-------- RECORD EXTRACTS --------

(* The point of the geodesic [a, b] at distance u from a is
   (sinh (D - u) a + sinh u b) / sinh D, where D = d(a,b).  Before
   normalisation this combination has Minkowski norm -sinh^2 D. *)
Lemma interp_norm a b u : inH3 a -> inH3 b ->
  mink (lincomb (sinh (dH a b - u)) a (sinh u) b) (lincomb (sinh (dH a b - u)) a (sinh u) b)
  = - (sinh (dH a b) * sinh (dH a b)).
Proof.
  intros Ha Hb. rewrite mink_lincomb_sq, (proj1 Ha), (proj1 Hb).
  replace (mink a b) with (- cosh (dH a b)) by (rewrite cosh_dH by auto; ring).
  rewrite <- (sinh_interp_identity (dH a b) u). ring.
Qed.

Lemma interp_unit a b u : inH3 a -> inH3 b -> 0 < dH a b ->
  mink (lincomb (sinh (dH a b - u) / sinh (dH a b)) a (sinh u / sinh (dH a b)) b)
       (lincomb (sinh (dH a b - u) / sinh (dH a b)) a (sinh u / sinh (dH a b)) b) = -1.
Proof.
  intros Ha Hb HD. pose proof (interp_norm a b u Ha Hb) as Hnorm.
  pose proof (sinh_pos _ HD) as HS.
  rewrite mink_lincomb_sq. rewrite mink_lincomb_sq in Hnorm.
  replace (-1) with (- (sinh (dH a b) * sinh (dH a b)) / (sinh (dH a b) * sinh (dH a b)))
    by (field; lra).
  rewrite <- Hnorm. field. lra.
Qed.

Lemma interp_weights D u : 0 <= u <= D -> 0 < D ->
  0 <= sinh (D - u) / sinh D <= exp (- u) /\ 0 <= sinh u / sinh D <= exp (u - D).
Proof.
  intros Hu HD. pose proof (sinh_pos _ HD) as HS.
  pose proof (sinh_nonneg (D - u) ltac:(lra)). pose proof (sinh_nonneg u ltac:(lra)).
  pose proof (sinh_ratio (D - u) u ltac:(lra) ltac:(lra)) as Rl.
  pose proof (sinh_ratio u (D - u) ltac:(lra) ltac:(lra)) as Rm.
  replace (D - u + u) with D in Rl by ring. replace (u + (D - u)) with D in Rm by ring.
  replace (- (D - u)) with (u - D) in Rm by ring.
  repeat split; try (apply div_nonneg; auto); apply div_le; auto; lra.
Qed.

(* For d(a,x) < d(a,b) take
   the point at distance d(a,x) from a; otherwise take y = b. *)
Lemma thin_triangle_point a x b e : inH3 a -> inH3 x -> inH3 b -> 0 <= e ->
  dH a x + dH x b <= dH a b + e ->
  exists l m, 0 <= l <= exp (e - dH a x) /\ 0 <= m <= exp (e - dH x b) /\
    inH3 (lincomb l a m b) /\ - mink x (lincomb l a m b) <= exp e.
Proof.
  intros Ha Hx Hb He Hex.
  pose proof (dH_nonneg a x Ha Hx) as Hal. pose proof (dH_nonneg x b Hx Hb) as Hbe.
  pose proof (cosh_dH a x Ha Hx) as Cal. pose proof (cosh_dH x b Hx Hb) as Cbe.
  destruct (Rlt_dec (dH a x) (dH a b)) as [Hlt|Hge].
  - pose proof (interp_unit a b (dH a x) Ha Hb ltac:(lra)) as Hy.
    destruct (interp_weights (dH a b) (dH a x) ltac:(lra) ltac:(lra)) as [Hl Hm].
    pose proof (sinh_pos _ (Rle_lt_trans _ _ _ Hal Hlt)) as HS.
    set (al := dH a x) in *. set (be := dH x b) in *. set (D := dH a b) in *.
    exists (sinh (D - al) / sinh D), (sinh al / sinh D).
    split; [split; [lra | eapply Rle_trans; [apply Hl | apply exp_le; lra]] |].
    split; [split; [lra | eapply Rle_trans; [apply Hm | apply exp_le; lra]] |].
    split; [apply lincomb_H3; auto; lra |].
    rewrite mink_lincomb_r, (mink_sym x a).
    replace (- (sinh (D - al) / sinh D * mink a x + sinh al / sinh D * mink x b))
      with ((sinh (D - al) * cosh al + sinh al * cosh be) / sinh D)
      by (rewrite Cal, Cbe; field; lra).
    apply div_le; auto.
    pose proof (excess_estimate al (D - al) e Hal ltac:(lra) He) as Hest.
    replace (al + (D - al)) with D in Hest by ring.
    assert (cosh be <= cosh (D - al + e)) by (apply cosh_mono; lra).
    pose proof (sinh_nonneg al Hal). nra.
  - exists 0, 1.
    assert (Hy : mink (lincomb 0 a 1 b) (lincomb 0 a 1 b) = -1)
      by (rewrite mink_lincomb_sq, (proj1 Hb); ring).
    repeat split; try lra.
    + left; apply exp_pos.
    + apply exp_ge1. lra.
    + apply lincomb_H3; auto; lra.
    + rewrite mink_lincomb_r.
      replace (- (0 * mink x a + 1 * mink x b)) with (cosh (dH x b)) by (rewrite Cbe; ring).
      eapply Rle_trans; [apply cosh_le_exp; auto|]. apply exp_le. lra.
Qed.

--------

** DESCRIPTION OF THE TASK **
All of the entries must be given again, word for word.

** ANSWER TO THIS PROBLEM **
(* The point of the geodesic [a, b] at distance u from a is
   (sinh (D - u) a + sinh u b) / sinh D, where D = d(a,b).  Before
   normalisation this combination has Minkowski norm -sinh^2 D. *)
Lemma interp_norm a b u : inH3 a -> inH3 b ->
  mink (lincomb (sinh (dH a b - u)) a (sinh u) b) (lincomb (sinh (dH a b - u)) a (sinh u) b)
  = - (sinh (dH a b) * sinh (dH a b)).
Proof.
  intros Ha Hb. rewrite mink_lincomb_sq, (proj1 Ha), (proj1 Hb).
  replace (mink a b) with (- cosh (dH a b)) by (rewrite cosh_dH by auto; ring).
  rewrite <- (sinh_interp_identity (dH a b) u). ring.
Qed.

Lemma interp_unit a b u : inH3 a -> inH3 b -> 0 < dH a b ->
  mink (lincomb (sinh (dH a b - u) / sinh (dH a b)) a (sinh u / sinh (dH a b)) b)
       (lincomb (sinh (dH a b - u) / sinh (dH a b)) a (sinh u / sinh (dH a b)) b) = -1.
Proof.
  intros Ha Hb HD. pose proof (interp_norm a b u Ha Hb) as Hnorm.
  pose proof (sinh_pos _ HD) as HS.
  rewrite mink_lincomb_sq. rewrite mink_lincomb_sq in Hnorm.
  replace (-1) with (- (sinh (dH a b) * sinh (dH a b)) / (sinh (dH a b) * sinh (dH a b)))
    by (field; lra).
  rewrite <- Hnorm. field. lra.
Qed.

Lemma interp_weights D u : 0 <= u <= D -> 0 < D ->
  0 <= sinh (D - u) / sinh D <= exp (- u) /\ 0 <= sinh u / sinh D <= exp (u - D).
Proof.
  intros Hu HD. pose proof (sinh_pos _ HD) as HS.
  pose proof (sinh_nonneg (D - u) ltac:(lra)). pose proof (sinh_nonneg u ltac:(lra)).
  pose proof (sinh_ratio (D - u) u ltac:(lra) ltac:(lra)) as Rl.
  pose proof (sinh_ratio u (D - u) ltac:(lra) ltac:(lra)) as Rm.
  replace (D - u + u) with D in Rl by ring. replace (u + (D - u)) with D in Rm by ring.
  replace (- (D - u)) with (u - D) in Rm by ring.
  repeat split; try (apply div_nonneg; auto); apply div_le; auto; lra.
Qed.

(* For d(a,x) < d(a,b) take
   the point at distance d(a,x) from a; otherwise take y = b. *)
Lemma thin_triangle_point a x b e : inH3 a -> inH3 x -> inH3 b -> 0 <= e ->
  dH a x + dH x b <= dH a b + e ->
  exists l m, 0 <= l <= exp (e - dH a x) /\ 0 <= m <= exp (e - dH x b) /\
    inH3 (lincomb l a m b) /\ - mink x (lincomb l a m b) <= exp e.
Proof.
  intros Ha Hx Hb He Hex.
  pose proof (dH_nonneg a x Ha Hx) as Hal. pose proof (dH_nonneg x b Hx Hb) as Hbe.
  pose proof (cosh_dH a x Ha Hx) as Cal. pose proof (cosh_dH x b Hx Hb) as Cbe.
  destruct (Rlt_dec (dH a x) (dH a b)) as [Hlt|Hge].
  - pose proof (interp_unit a b (dH a x) Ha Hb ltac:(lra)) as Hy.
    destruct (interp_weights (dH a b) (dH a x) ltac:(lra) ltac:(lra)) as [Hl Hm].
    pose proof (sinh_pos _ (Rle_lt_trans _ _ _ Hal Hlt)) as HS.
    set (al := dH a x) in *. set (be := dH x b) in *. set (D := dH a b) in *.
    exists (sinh (D - al) / sinh D), (sinh al / sinh D).
    split; [split; [lra | eapply Rle_trans; [apply Hl | apply exp_le; lra]] |].
    split; [split; [lra | eapply Rle_trans; [apply Hm | apply exp_le; lra]] |].
    split; [apply lincomb_H3; auto; lra |].
    rewrite mink_lincomb_r, (mink_sym x a).
    replace (- (sinh (D - al) / sinh D * mink a x + sinh al / sinh D * mink x b))
      with ((sinh (D - al) * cosh al + sinh al * cosh be) / sinh D)
      by (rewrite Cal, Cbe; field; lra).
    apply div_le; auto.
    pose proof (excess_estimate al (D - al) e Hal ltac:(lra) He) as Hest.
    replace (al + (D - al)) with D in Hest by ring.
    assert (cosh be <= cosh (D - al + e)) by (apply cosh_mono; lra).
    pose proof (sinh_nonneg al Hal). nra.
  - exists 0, 1.
    assert (Hy : mink (lincomb 0 a 1 b) (lincomb 0 a 1 b) = -1)
      by (rewrite mink_lincomb_sq, (proj1 Hb); ring).
    repeat split; try lra.
    + left; apply exp_pos.
    + apply exp_ge1. lra.
    + apply lincomb_H3; auto; lra.
    + rewrite mink_lincomb_r.
      replace (- (0 * mink x a + 1 * mink x b)) with (cosh (dH x b)) by (rewrite Cbe; ring).
      eapply Rle_trans; [apply cosh_le_exp; auto|]. apply exp_le. lra.
Qed.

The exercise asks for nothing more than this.